**What this task involves:** Nothing but the lines from the one containing "destruct Hs as" to the end of the data should be returned, each exactly as written.

** Opening Data shown block **

(* Let $a\in\mathbb{R}$, $w\in\mathbb{C}\setminus\mathbb{R}$ with $\varphi := |\operatorname{Arg}(w)|\in(0,\pi/2]$, and $\tau>0$. Then all roots of $z + a - we^{-\tau z} = 0$ have negative real parts if and only if $$a > 0\quad\text{and}\quad |w| < \frac{1}{\tau}R(-\tau a;\varphi).$$
   Context: $\operatorname{Arg}(w)\in(-\pi,\pi]$ is the principal argument. For $\varphi\in(0,\pi/2]$, $C(\theta;\varphi) := \theta\cot(\theta-\varphi)$ is a strictly decreasing bijection from $[0,\varphi)$ onto $(-\infty,0]$ with inverse $C^{-1}(\cdot;\varphi)$, and $R(r;\varphi) := -C^{-1}(r;\varphi)/\sin(C^{-1}(r;\varphi)-\varphi)$ for $r\le0$. *)

From Stdlib Require Import Reals ClassicalEpsilon.
From Coquelicot Require Import Coquelicot.
Open Scope R_scope.

Definition Cexp (z : C) : C :=
  (exp (Re z) * cos (Im z), exp (Re z) * sin (Im z)).

(* principal argument Arg w in (-pi, pi] (for w <> 0) *)
Definition Arg (w : C) : R :=
  if Rle_dec 0 (Im w) then acos (Re w / Cmod w) else - acos (Re w / Cmod w).

Definition cot (x : R) : R := cos x / sin x.

Definition Cfun (theta phi : R) : R := theta * cot (theta - phi).

(* inverse of C(.;phi) : [0,phi) -> (-oo,0], chosen by description
   (it is a bijection for phi in (0, pi/2]) *)
Definition Cinv (r phi : R) : R :=
  epsilon (inhabits 0) (fun theta => 0 <= theta < phi /\ Cfun theta phi = r).

Definition Rfun (r phi : R) : R :=
  - Cinv r phi / sin (Cinv r phi - phi).

From Pilot Require Import Defs.
From Stdlib Require Import Reals Lra Psatz ClassicalEpsilon Ranalysis5.
From Coquelicot Require Import Coquelicot.
Open Scope R_scope.

(* Write w = |w| e^{i s phi} with phi = |Arg w| and s = +-1 the sign of Im w.
   Putting X = tau Re z, Y = s tau Im z, b = tau a and K = tau |w|, a root is
   exactly a solution of the characteristic system
        (X + b) + i Y = K e^{-X} e^{i (phi - Y)}.
   The boundary curve t |-> D(t) + i t, D(t) = t cot (phi - t) = - C(t; phi),
   has modulus m(t) = t / sin (phi - t); D is an increasing bijection from
   [0, phi) onto [0, +oo), and R(-b; phi) = m(theta) for theta = C^{-1}(-b; phi).
   - If b > 0 and K < R, a root with X >= 0 would give a point of modulus
     K e^{-X} <= K below R, impossible since R is the least modulus of such
     points ([Rfun_le_modulus]).
   - If b <= 0 or R <= K, the intermediate value theorem along the curve yields
     a solution with X = D(Y) - b >= 0 ([unstable_root_exists]).
   This gives the scaled statement [scaled_stability]; the theorem follows by
   translating roots into solutions of the system ([stable_iff_scaled]). *)

Lemma exp_le_1 (x : R) : x <= 0 -> exp x <= 1.
Proof.
  intros Hx. rewrite <- exp_0.
  destruct (Req_dec x 0) as [->|Hne]; [lra|].
  left; apply exp_increasing; lra.
Qed.

Lemma IVT_le (f : R -> R) (x y : R) :
  (forall t, x <= t <= y -> continuity_pt f t) -> x <= y -> f x <= 0 -> 0 <= f y ->
  exists t, x <= t <= y /\ f t = 0.
Proof.
  intros Hc Hxy Hx Hy.
  destruct (Req_dec (f x) 0) as [Ex|Nx]; [exists x; split; [lra|exact Ex]|].
  destruct (Req_dec (f y) 0) as [Ey|Ny]; [exists y; split; [lra|exact Ey]|].
  destruct (Req_dec x y) as [->|Nxy]; [lra|].
  destruct (IVT_interv f x y Hc ltac:(lra) ltac:(lra) ltac:(lra)) as [t Ht].
  exists t; exact Ht.
Qed.

Lemma polar_sq (rho u : R) : (rho * cos u) ^ 2 + (rho * sin u) ^ 2 = rho ^ 2.
Proof.
  pose proof (sin2_cos2 u) as H. unfold Rsqr in H.
  replace ((rho * cos u) ^ 2 + (rho * sin u) ^ 2)
    with (rho ^ 2 * (sin u * sin u + cos u * cos u)) by ring.
  rewrite H; ring.
Qed.

(* The parametrised boundary curve.  For 0 <= t < phi the point
   D(t) + i t = m(t) e^{i(phi - t)} with modulus m(t) = t / sin (phi - t);
   D(t) = t cot (phi - t) = - C(t; phi). *)
Definition Dfun (phi t : R) : R := t * cos (phi - t) / sin (phi - t).
Definition modulus (phi t : R) : R := t / sin (phi - t).

(* The system satisfied by a root, written in the scaled unknowns
   X = tau Re z, Y = +-tau Im z with b = tau a and K = tau |w|. *)
Definition char_system (phi b K X Y : R) : Prop :=
  X + b = K * exp (- X) * cos (phi - Y) /\ Y = K * exp (- X) * sin (phi - Y).

Lemma Dfun_0 (phi : R) : Dfun phi 0 = 0.
Proof. unfold Dfun; lra. Qed.

Lemma Dfun_modulus (phi t : R) : Dfun phi t = modulus phi t * cos (phi - t).
Proof. unfold Dfun, modulus, Rdiv; ring. Qed.

Section BoundaryCurve.

Variable phi : R.
Hypothesis Hphi : 0 < phi <= PI / 2.

Lemma sin_shift_pos (t : R) : - phi < t < phi -> 0 < sin (phi - t).
Proof. intros Ht. pose proof PI_RGT_0. apply sin_gt_0; lra. Qed.

Lemma modulus_sin (t : R) : - phi < t < phi -> t = modulus phi t * sin (phi - t).
Proof.
  intros Ht. pose proof (sin_shift_pos t Ht). unfold modulus. field; lra.
Qed.

Lemma Cfun_Dfun (t : R) : - phi < t < phi -> Cfun t phi = - Dfun phi t.
Proof.
  intros Ht. pose proof (sin_shift_pos t Ht).
  unfold Cfun, cot, Dfun. replace (t - phi) with (- (phi - t)) by ring.
  rewrite cos_neg, sin_neg. field; lra.
Qed.

Lemma Dfun_continuous (t : R) : - phi < t < phi -> continuity_pt (Dfun phi) t.
Proof.
  intros Ht. pose proof (sin_shift_pos t Ht).
  apply continuity_pt_filterlim, (ex_derive_continuous (Dfun phi) t).
  unfold Dfun; auto_derive. apply Rgt_not_eq; exact H.
Qed.

(* D is strictly increasing on [0, phi): cross-multiplying, this is
   t1 cos u1 sin u2 < t2 cos u2 sin u1 with u_i = phi - t_i, which follows from
   sin (u1 - u2) > 0. *)
Lemma Dfun_increasing (t1 t2 : R) : 0 <= t1 -> t1 < t2 -> t2 < phi ->
  Dfun phi t1 < Dfun phi t2.
Proof.
  intros H1 H12 H2. pose proof PI_RGT_0.
  set (u1 := phi - t1). set (u2 := phi - t2).
  assert (s1 : 0 < sin u1) by (apply sin_gt_0; unfold u1; lra).
  assert (s2 : 0 < sin u2) by (apply sin_gt_0; unfold u2; lra).
  assert (c1 : 0 <= cos u1) by (apply cos_ge_0; unfold u1; lra).
  assert (sd : 0 < sin (u1 - u2)) by (apply sin_gt_0; unfold u1, u2; lra).
  rewrite sin_minus in sd.
  assert (E1 : Dfun phi t1 = t1 * cos u1 * sin u2 / (sin u1 * sin u2))
    by (unfold Dfun; fold u1; field; lra).
  assert (E2 : Dfun phi t2 = t2 * cos u2 * sin u1 / (sin u1 * sin u2))
    by (unfold Dfun; fold u2; field; lra).
  rewrite E1, E2. unfold Rdiv. apply Rmult_lt_compat_r.
  - apply Rinv_0_lt_compat; nra.
  - assert (0 <= cos u1 * sin u2) by nra. nra.
Qed.

(* The modulus blows up as t -> phi: for every A > 0 and lo < phi there is
   t in (lo, phi) with t >= phi/2 and m(t) > A (use sin u < u for u = phi - t). *)
Lemma modulus_unbounded (A lo : R) : 0 < A -> lo < phi ->
  exists t, lo < t < phi /\ phi / 2 <= t /\ A < modulus phi t.
Proof.
  intros HA Hlo. pose proof PI_RGT_0.
  set (u := Rmin ((phi - lo) / 2) (phi / (2 * (1 + A)))).
  assert (Hu0 : 0 < u) by (apply Rmin_glb_lt; apply Rdiv_lt_0_compat; lra).
  assert (Hu1 : u <= (phi - lo) / 2) by apply Rmin_l.
  assert (Hu2 : 2 * (1 + A) * u <= phi).
  { pose proof (Rmin_r ((phi - lo) / 2) (phi / (2 * (1 + A)))) as Hr; fold u in Hr.
    apply (Rmult_le_compat_l (2 * (1 + A))) in Hr; [|lra].
    replace (2 * (1 + A) * (phi / (2 * (1 + A)))) with phi in Hr by (field; lra).
    exact Hr. }
  exists (phi - u). repeat split; try nra.
  unfold modulus. replace (phi - (phi - u)) with u by ring.
  assert (Hs : 0 < sin u) by (apply sin_gt_0; nra).
  assert (Hsu : sin u < u) by (apply sin_lt_x; lra).
  apply (Rmult_lt_reg_r (sin u)); [lra|].
  unfold Rdiv. rewrite Rmult_assoc, Rinv_l, Rmult_1_r by lra. nra.
Qed.

(* Hence D is unbounded too, since cos (phi - t) >= cos (phi/2) > 0 for t >= phi/2. *)
Lemma Dfun_unbounded (A : R) : 0 < A -> exists t, 0 < t < phi /\ A < Dfun phi t.
Proof.
  intros HA. pose proof PI_RGT_0.
  assert (Hc : 0 < cos (phi / 2)) by (apply cos_gt_0; lra).
  destruct (modulus_unbounded (A / cos (phi / 2)) (phi / 2)) as [t [Ht [Ht2 HAt]]];
    [apply Rdiv_lt_0_compat; lra | lra |].
  exists t. split; [lra|].
  assert (Hct : cos (phi / 2) <= cos (phi - t)).
  { destruct (Req_dec t (phi / 2)) as [E|Ne]; [rewrite E; right; f_equal; lra|].
    left; apply cos_decreasing_1; lra. }
  assert (HA' : A < modulus phi t * cos (phi / 2)).
  { apply (Rmult_lt_compat_r (cos (phi / 2))) in HAt; [|lra].
    unfold Rdiv in HAt. rewrite Rmult_assoc, Rinv_l, Rmult_1_r in HAt by lra. exact HAt. }
  rewrite Dfun_modulus.
  assert (0 <= modulus phi t) by (unfold modulus; apply Rdiv_le_0_compat;
    [lra | apply sin_shift_pos; lra]).
  nra.
Qed.

Lemma Dfun_surjective (A : R) : 0 < A -> exists t, 0 < t < phi /\ Dfun phi t = A.
Proof.
  intros HA.
  destruct (Dfun_unbounded A HA) as [t1 [Ht1 HA1]].
  destruct (IVT_le (fun t => Dfun phi t - A) 0 t1) as [t [Ht Heq]].
  - intros t Ht. apply continuity_pt_minus;
      [apply Dfun_continuous; lra | apply continuity_pt_const; intros ? ?; reflexivity].
  - lra.
  - rewrite Dfun_0; lra.
  - lra.
  - exists t. destruct (Req_dec t 0) as [->|Hne]; [rewrite Dfun_0 in Heq; lra | lra].
Qed.

Lemma Cinv_spec (A : R) : 0 < A ->
  0 < Defs.Cinv (- A) phi < phi /\ Dfun phi (Defs.Cinv (- A) phi) = A.
Proof.
  intros HA.
  assert (Hs : 0 <= Defs.Cinv (- A) phi < phi /\ Cfun (Defs.Cinv (- A) phi) phi = - A).
  { unfold Defs.Cinv. apply epsilon_spec.
    destruct (Dfun_surjective A HA) as [t [Ht HD]].
    exists t. split; [lra|]. rewrite Cfun_Dfun by lra. rewrite HD; ring. }
  destruct Hs as [Hb HC]. rewrite Cfun_Dfun in HC by lra.
  assert (HD : Dfun phi (Defs.Cinv (- A) phi) = A) by lra.
  split; [|exact HD]. split; [|lra].
  destruct (Req_dec (Defs.Cinv (- A) phi) 0) as [E|]; [|lra].
  rewrite E, Dfun_0 in HD. lra.
Qed.

Lemma Rfun_modulus (A : R) : 0 < A -> Rfun (- A) phi = modulus phi (Defs.Cinv (- A) phi).
Proof.
  intros HA. destruct (Cinv_spec A HA) as [Hth _].
  pose proof (sin_shift_pos (Defs.Cinv (- A) phi) ltac:(lra)).
  unfold Rfun, modulus. replace (Defs.Cinv (- A) phi - phi) with (- (phi - Defs.Cinv (- A) phi)) by ring.
  rewrite sin_neg. field. lra.
Qed.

** Closing Data shown block **

**Result of the task:**
  destruct Hs as [Hb HC]. rewrite Cfun_Dfun in HC by lra.
  assert (HD : Dfun phi (Defs.Cinv (- A) phi) = A) by lra.
  split; [|exact HD]. split; [|lra].
  destruct (Req_dec (Defs.Cinv (- A) phi) 0) as [E|]; [|lra].
  rewrite E, Dfun_0 in HD. lra.
Qed.

Lemma Rfun_modulus (A : R) : 0 < A -> Rfun (- A) phi = modulus phi (Defs.Cinv (- A) phi).
Proof.
  intros HA. destruct (Cinv_spec A HA) as [Hth _].
  pose proof (sin_shift_pos (Defs.Cinv (- A) phi) ltac:(lra)).
  unfold Rfun, modulus. replace (Defs.Cinv (- A) phi - phi) with (- (phi - Defs.Cinv (- A) phi)) by ring.
  rewrite sin_neg. field. lra.
Qed.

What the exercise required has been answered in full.